Stored data entries
※ ※ ※

Section AffFree.
Variables (N k : nat) (p : 'I_k.+1 -> 'rV[R]_N).
Hypothesis p_free : aff_free p.

Lemma aff_free_coord (a b : 'I_k.+1 -> R) :
  \sum_i a i = 1 -> \sum_i b i = 1 ->
  \sum_i a i *: p i = \sum_i b i *: p i -> a =1 b.
Proof.
move=> a1 b1 ab i; apply/eqP; rewrite -subr_eq0; apply/eqP.
apply: (p_free (c := fun i => a i - b i)); first by rewrite sumrB a1 b1 subrr.
by under eq_bigr => l _ do rewrite scalerBl; rewrite sumrB ab subrr.
Qed.

Lemma aff_free_inj : injective p.
Proof.
move=> i j pij; apply/eqP/negP => /negP ij.
have := aff_free_coord (sum_delta i) (sum_delta j).
rewrite !sum_deltaZ pij => /(_ erefl i).
by rewrite eqxx (negbTE ij) => /eqP; rewrite oner_eq0.
Qed.

Lemma aff_free_comp (m : nat) (f : 'I_m.+1 -> 'I_k.+1) :
  injective f -> aff_free (fun i => p (f i)).
Proof.
move=> f_inj c c_sum c_comb i.
pose c' l := \sum_(i | f i == l) c i.
have c'0 : forall l, c' l = 0.
  apply: p_free; last by rewrite sum_pushforward.
  by rewrite -[RHS]c_sum [RHS](partition_big f predT).
by have := c'0 (f i); rewrite /c' (big_pred1 i) // => j; apply/eqP/eqP => [/f_inj|->].
Qed.

End AffFree.

Section ConvexHull.
Variables (N d : nat) (p : 'I_d.+1 -> 'rV[R]_N).

Lemma conv_vertex_mem j : conv p (p j).
Proof.
exists (fun l => (l == j)%:R); split; first by move=> l; rewrite ler0n.
by rewrite sum_delta sum_deltaZ.
Qed.

Lemma conv_comp_sub (c : nat) (k : 'I_c.+1 -> 'I_d.+1) :
  conv (fun i => p (k i)) `<=` conv p.
Proof.
move=> _ [lam [lam_ge0 [lam_sum ->]]].
exists (fun l => \sum_(i | k i == l) lam i); split; last split.
- by move=> l; apply: sumr_ge0 => i _; apply: lam_ge0.
- by rewrite -[RHS]lam_sum [RHS](partition_big k predT).
- by rewrite sum_pushforward.
Qed.

Lemma conv_weight_gt0 (lam : 'I_d.+1 -> R) :
  (forall i, 0 <= lam i) -> \sum_i lam i = 1 -> exists i, 0 < lam i.
Proof.
move=> lam_ge0 lam_sum; apply/existsP; apply: contraLR isT => /existsPn lam_le0.
suff : \sum_i lam i = 0 by rewrite lam_sum => /eqP; rewrite oner_eq0.
by apply: big1 => i _; apply/eqP; rewrite eq_le lam_ge0 andbT leNgt lam_le0.
Qed.

End ConvexHull.

(* [q j] is a convex combination of the [p i], which are convex combinations
   of the [q l]; by uniqueness of affine coordinates, any [p i] with a
   positive weight equals [q j]. *)
Lemma conv_vertex (N d : nat) (p q : 'I_d.+1 -> 'rV[R]_N) :
  aff_free q -> conv p = conv q -> forall j, exists i, q j = p i.
Proof.
move=> q_free pq j.
have [mu [mu_ge0 [mu_sum qj]]] : conv p (q j) by rewrite pq; apply: conv_vertex_mem.
have /choice[nu nuP] i : exists nu, (forall l, 0 <= nu l) /\ \sum_l nu l = 1 /\
    p i = \sum_l nu l *: q l.
  by have : conv q (p i) by rewrite -pq; apply: conv_vertex_mem.
have comp_sum : \sum_l (\sum_i mu i * nu i l) = 1.
  rewrite exchange_big /= -mu_sum; apply: eq_bigr => i _.
  by rewrite -mulr_sumr (nuP i).2.1 mulr1.
have comp_delta : forall l, \sum_i mu i * nu i l = (l == j)%:R.
  apply: (aff_free_coord q_free comp_sum (sum_delta j)).
  rewrite sum_deltaZ qj -sum_scaler_sum; apply: eq_bigr => i _.
  by rewrite -(nuP i).2.2.
have [i mu_i] := conv_weight_gt0 mu_ge0 mu_sum.
have nu_off l : l != j -> nu i l = 0.
  move=> lj; have terms_ge0 i' : true -> 0 <= mu i' * nu i' l.
    by move=> _; rewrite mulr_ge0 // (nuP i').1.
  have := psumr_eq0P terms_ge0; rewrite comp_delta (negbTE lj) => /(_ erefl i isT).
  by move/eqP; rewrite mulf_eq0 (gt_eqF mu_i) => /eqP.
have nu_j : nu i j = 1.
  by rewrite -(nuP i).2.1 (bigD1 j) //= big1 ?addr0.
exists i; rewrite (nuP i).2.2 (bigD1 j) //= big1 ?addr0 ?nu_j ?scale1r //.
by move=> l /nu_off ->; rewrite scale0r.
Qed.

Lemma aff_free_conv_le (N c m : nat) (p : 'I_c.+1 -> 'rV[R]_N) (q : 'I_m.+1 -> 'rV[R]_N) :
  aff_free q -> (forall i, conv p (q i)) -> (m <= c)%nat.
Proof.
move=> q_free q_in.
have /choice[al al_spec] i : exists al : 'I_c.+1 -> R,
    \sum_l al l = 1 /\ q i = \sum_l al l *: p l.
  by have [al [_ al_q]] := q_in i; exists al.
have al_sum i : \sum_l al i l = 1 := (al_spec i).1.
have q_al i : q i = \sum_l al i l *: p l := (al_spec i).2.
pose A := \matrix_(i < m.+1, l < c.+1) al i l.
suff : row_free A by rewrite -row_leq_rank => /leq_trans/(_ (rank_leq_col A)).
apply: inj_row_free => u uA0.
have u_al l : \sum_i u 0 i * al i l = 0.
  by have /rowP/(_ l) := uA0; rewrite !mxE; under eq_bigr do rewrite /A mxE.
apply/rowP => i; rewrite [RHS]mxE; apply: q_free i.
  transitivity (\sum_(l < c.+1) \sum_i u 0 i * al i l); last exact: big1.
  rewrite exchange_big /=; apply: eq_bigr => i' _.
  by rewrite -mulr_sumr al_sum mulr1.
under eq_bigr => i' _ do rewrite q_al.
by rewrite sum_scaler_sum big1 // => l _; rewrite u_al scale0r.
Qed.

Lemma has_dim_conv (N c m : nat) (p : 'I_c.+1 -> 'rV[R]_N) :
  aff_free p -> has_dim (conv p) m -> c = m.
Proof.
move=> p_free [[q [q_in /aff_indepP q_free]] no_indep].
apply/eqP; rewrite eqn_leq (aff_free_conv_le q_free q_in) andbT leqNgt.
apply/negP => mc; apply: (no_indep (fun i => p (widen_ord (mc : (m.+2 <= c.+1)%nat) i))).
  by move=> i; apply: conv_vertex_mem.
by apply/aff_indepP/aff_free_comp => // i j /(congr1 val) /= /val_inj.
Qed.

Lemma toR_inj (N : nat) : injective (@toR N).
Proof. by move=> x y /rowP xy; apply/rowP => j; have := xy j; rewrite !mxE => /intr_inj. Qed.

Lemma eq_lstar_v (N d : nat) (v w : 'I_d.+1 -> 'rV[int]_N) :
  (forall x, in_open_pp v x <-> in_open_pp w x) -> lstar_v v = lstar_v w.
Proof.
move=> vw; apply: eq_poly => k _; congr (#|` fset_set _|%:Z).
by apply/seteqP; split => x /= [/vw xv xk].
Qed.

Lemma in_open_pp_perm (N d : nat) (v w : 'I_d.+1 -> 'rV[int]_N) (s : 'S_d.+1) :
  (forall i, w i = v (s i)) -> forall x, in_open_pp w x <-> in_open_pp v x.
Proof.
move=> ws x; split=> -[lam [lam01 ->]].
  exists (fun i => lam (s^-1 i)%g); split => [i|]; first exact: lam01.
  by rewrite [RHS](reindex_inj (@perm_inj _ s)); apply: eq_bigr => i _; rewrite permK ws.
exists (fun i => lam (s i)); split => [i|]; first exact: lam01.
by rewrite [LHS](reindex_inj (@perm_inj _ s)); apply: eq_bigr => i _; rewrite ws.
Qed.

Lemma lattice_simplex_perm (N d : nat) (S : set 'rV[R]_N) (v w : 'I_d.+1 -> 'rV[int]_N) :
  lattice_simplex_with S v -> lattice_simplex_with S w ->
  exists s : 'S_d.+1, forall i, w i = v (s i).
Proof.
move=> [_ Sv] [/aff_indepP w_free Sw].
have /choice[f wf] j : exists i, w j = v i.
  by have [i /toR_inj] := conv_vertex w_free (etrans (esym Sv) Sw) j; exists i.
have f_inj : injective f.
  by move=> i j fij; apply: (aff_free_inj w_free); rewrite /= !wf fij.
by exists (perm f_inj) => i; rewrite permE.
Qed.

※ ※ ※

*Assigned task*:
Your answer must be one number: how many lines of the entries hold the string "Section".

*Reply to the exercise*:
2